8 103. What are the contents in a session log in general?

- Allocation of system shared memory

- Execution of Pre-session commands/ Post-session commands

- Session Initialization

- Creation of SQL commands for reader/writer threads

- Start/End timings for target loading

- Error encountered during session

- Load summary of Reader/Writer/ DTM statistics

104.what are the types of partitioning in informatica?

I. Round-robin partitioning. The Informatica Server distributes data evenly among all partitions. Use round-robin partitioning where you want each partition to process approximately the same number of rows.

II. Hash partitioning. The Informatica Server applies a hash function to a partition key to group data among partitions. If you select hash auto-keys, the Informatica Server uses all grouped or sorted ports as the partition key. If you select hash user keys, you specify a number of ports to form the partition key. Use hash partitioning where you want to ensure that the Informatica Server processes groups of rows with the same partition key in the same partition.

III. Key range partitioning. You specify one or more ports to form a compound partition key. The Informatica Server passes data to each partition depending on the ranges you specify for each port. Use key range partitioning where the sources or targets in the pipeline are partitioned by key range.

IV. Pass-through partitioning.

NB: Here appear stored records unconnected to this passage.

(* Write lam = k for the Gegenbauer index of S^(2k+1) and w_l = (lam)_l / l!.
   1. Gegenbauer polynomials are finite cosine sums:
        C_m^lam (cos th) = sum_(l <= m) w_l w_(m-l) cos((m - 2l) th),
      since the right-hand side satisfies the defining three-term recurrence.
      Hence |C_m^lam(cos th)| <= C_m^lam(1) = (2 lam)_m / m!.
   2. Integrating psi(th) cos(q th) over [0, pi] against both expansions of psi
      (both converge uniformly, by the Weierstrass test, because the
      coefficients are summable and the terms are bounded by 1) gives
        b1_q = sum_m b_m E(m, q),
      where E(m, q) is the q-th cosine coefficient of the normalized
      C_m^lam(cos th) / C_m^lam(1), an explicit finite expression.
   3. The matrix (a_i(n,k)) is a left inverse of E on the relevant rows:
        sum_(i <= k) a_i(n,k) E(m, n + 2i) = [m = n].
      After clearing denominators this is the vanishing of a (2k+n)-th finite
      difference of a polynomial of degree 2k+n-2 (degree 2k-2 when n = 0).
   The theorem follows by taking the combination sum_i a_i(n,k) b1_(n+2i)
   of the series from step 2 and applying step 3 termwise. *)

From Stdlib Require Import Reals Lra Lia ZArith.
From Coquelicot Require Import Coquelicot.
Open Scope R_scope.

Lemma INR_fact_pos n : 0 < INR (fact n).
Proof. apply lt_0_INR, lt_O_fact. Qed.

Lemma INR_fact_S n : INR (fact (S n)) = (INR n + 1) * INR (fact n).
Proof. rewrite fact_simpl, mult_INR, S_INR. reflexivity. Qed.

Lemma INR_fact_pred n : (1 <= n)%nat -> INR (fact n) = INR n * INR (fact (n - 1)).
Proof.
  intros Hn. replace n with (S (n - 1)) at 1 by lia.
  rewrite INR_fact_S, minus_INR by lia. simpl (INR 1). ring.
Qed.

Lemma INR_ge_1 n : (1 <= n)%nat -> 1 <= INR n.
Proof. intros Hn. apply (le_INR 1); lia. Qed.

Lemma poch_pos x m : 0 < x -> 0 < poch x m.
Proof.
  intros Hx. induction m as [|m IH]; simpl; [lra|].
  apply Rmult_lt_0_compat; [exact IH|]. pose proof (pos_INR m). lra.
Qed.

Lemma poch_S x m : poch x (S m) = poch x m * (x + INR m).
Proof. reflexivity. Qed.

Lemma poch_S_front x m : poch x (S m) = x * poch (x + 1) m.
Proof.
  induction m as [|m IH]; [simpl; ring|].
  change (poch x (S (S m))) with (poch x (S m) * (x + INR (S m))).
  rewrite IH. simpl poch. rewrite S_INR. ring.
Qed.

Lemma poch_fact a b : poch (INR a + 1) b = INR (fact (a + b)) / INR (fact a).
Proof.
  induction b as [|b IH].
  - simpl. rewrite Nat.add_0_r. field. apply INR_fact_neq_0.
  - simpl poch. rewrite IH, Nat.add_succ_r, INR_fact_S, plus_INR.
    field. apply INR_fact_neq_0.
Qed.

Lemma poch_reflect m : forall x, poch (- x - INR m + 1) m = (-1) ^ m * poch x m.
Proof.
  induction m as [|m IH]; intro x; [simpl; ring|].
  rewrite poch_S_front, S_INR.
  replace (- x - (INR m + 1) + 1 + 1) with (- x - INR m + 1) by ring.
  rewrite IH. simpl poch. simpl pow. ring.
Qed.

The Informatica Server passes all rows at one partition point to the next partition point without redistributing them. Choose pass-through partitioning where you want to create an additional pipeline stage to improve performance, but do not want to change the distribution of data across partitions.

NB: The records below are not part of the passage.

Lemma degree_le_Qnodes v : degree e v <= #|[set q | isQ q & v \in skel q]|.
Proof.
have [_ e_irr] := e_simple.
have [[_ _ N_gt0 _ _] _ _ _ [_ Qnode_of_edge _ _ _]] := spqr.
have [mu0 _] := card_gt0P N_gt0.
have edge_vy y : e v y -> [set v; y] \in edges e.
  move=> vy; rewrite inE; apply/existsP; exists v; apply/existsP; exists y.
  by rewrite vy eqxx.
pose f y := odflt mu0 [pick q | isQ q & qedge q == [set v; y]].
have fP y : e v y -> kind (f y) = QK /\ qedge (f y) = [set v; y].
  move=> /edge_vy /Qnode_of_edge[q kq qq]; rewrite /f.
  case: pickP => [q' /andP[/eqP -> /eqP ->] // | /(_ q)].
  by rewrite kq qq !eqxx.
rewrite /degree -(card_in_imset (f := f)) => [|y1 y2]; last first.
  rewrite !inE => vy1 vy2 f12; have [_ q1] := fP y1 vy1; have [_ q2] := fP y2 vy2.
  have : y1 \in [set v; y2] by rewrite -q2 -f12 q1 set22.
  by rewrite !inE => /orP[/eqP y1v | /eqP //]; move: vy1; rewrite -y1v e_irr.
apply: subset_leq_card; apply/subsetP => q /imsetP[y]; rewrite inE => vy ->.
have [kq qq] := fP y vy.
by rewrite inE kq eqxx /= /skel_vertices kq /= qq !inE eqxx orbT.
Qed.

Lemma Qnodes_closed_gt2 v (B : {set N}) x0 :
  x0 \in B -> v \in skel x0 ->
  (forall b a, b \in B -> v \in skel a -> tadj b a -> a \in B) ->
  2 < #|[set q in B | isQ q]|.
Proof.
have [[tsym _ _ _ _] _ _ _ [_ _ _ _ [_ skel_subtree]]] := spqr.
move=> x0B vx0 B_closed.
have skelB : [set mu | v \in skel mu] \subset B.
  apply: (induced_connected_sub tsym (skel_subtree v) _ x0B); first by rewrite inE.
  by move=> b a _; rewrite inE => va ba /B_closed; apply.
apply: leq_trans (degree_ge3 v) (leq_trans (degree_le_Qnodes v) _).
apply/subset_leq_card/subsetP => q; rewrite inE => /andP[kq vq].
by rewrite inE kq andbT; apply: (subsetP skelB); rewrite inE.
Qed.

Lemma no_adjacent_Qnodes mu nu : tadj mu nu -> isQ mu -> ~~ isQ nu.
Proof.
move=> mu_nu /eqP kmu; apply/negP => /eqP knu.
have [_ _ skel_kind _ _] := spqr.
have := skel_kind mu; rewrite kmu => -[_ [+ _]].
rewrite inE => /existsP[v /existsP[w /andP[_ /eqP qmu]]].
suff : 2 < #|[set q in [set mu; nu] | isQ q]|.
  rewrite ltnNge => /negP; apply; apply: (@leq_trans #|[set mu; nu]|).
    by apply/subset_leq_card/subsetP => q; rewrite inE => /andP[].
  by rewrite cards2; case: (_ != _).
apply: (@Qnodes_closed_gt2 v _ mu); first by rewrite set21.
  by rewrite /skel_vertices kmu eqxx qmu !inE eqxx orbT.
move=> b a; rewrite !inE => /orP[/eqP-> | /eqP->] _ ba.
  by rewrite (Qnode_nbr_uniq kmu ba mu_nu) eqxx orbT.
by rewrite (Qnode_nbr_uniq knu ba (_ : tadj nu mu)) ?eqxx // tadj_sym.
Qed.

Lemma S_node_vertex_off_poles x nu0 :
  kind x = SK -> tadj x nu0 -> exists2 v, v \in skel x & v \notin poles x nu0.
Proof.
move=> kx x_nu0; have [_ _ skel_kind _ _] := spqr.
have := skel_kind x; rewrite kx => -[nbrs_ge3 skel_deg2 _].
apply/exists_inP; rewrite -negb_forall_in; apply/negP => /forall_inP skel_sub.
have poles_eq nu : tadj x nu -> poles x nu = poles x nu0.
  move=> x_nu; apply/eqP; rewrite eqEcard !card_poles // leqnn andbT.
  by apply/subsetP => w /(subsetP (poles_sub_skel x_nu)) /skel_sub.
have /card_gt0P[a a_pole] : 0 < #|poles x nu0| by rewrite card_poles.
have := skel_deg2 a (subsetP (poles_sub_skel x_nu0) a a_pole); rewrite /skel_deg.
rewrite (eq_card (B := nbrs x)) => [nbrs2|nu]; first by rewrite nbrs2 in nbrs_ge3.
by rewrite !inE; case x_nu: (tadj x nu); rewrite //= (poles_eq _ x_nu).
Qed.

105.How will you optimize a Lookup transformation?

I. Be sure to delete the unwanted columns from the lookup as they affect the lookup cache very much.

II. If the Lookup transformation is after the source qualifier and there is no active transformation in-between, you can as well go for the SQL over ride of source qualifier

III. The cache that you assigned for the lookup is not sufficient to hold the data or index of the lookup. Whatever data that doesn't fit into the cache is spilt into the cache files designated in $PMCacheDir. When the PowerCenter doesn't find the data you are lookingup in the cache, it swaps the data from the file to the cache and keeps doing this until it finds the data. This is quite expensive for obvious reasons being an I/O operation. Increase the cache so that the whole data resides in the memory

IV. Sequential and Concurrent caches: The 8.x version of PowerCenter gives us this wonderful option to build the caches of the lookups either concurrently or in a sequential manner depending on the business rule. If no business rule dictates otherwise, concurrent cache building is a very handy option.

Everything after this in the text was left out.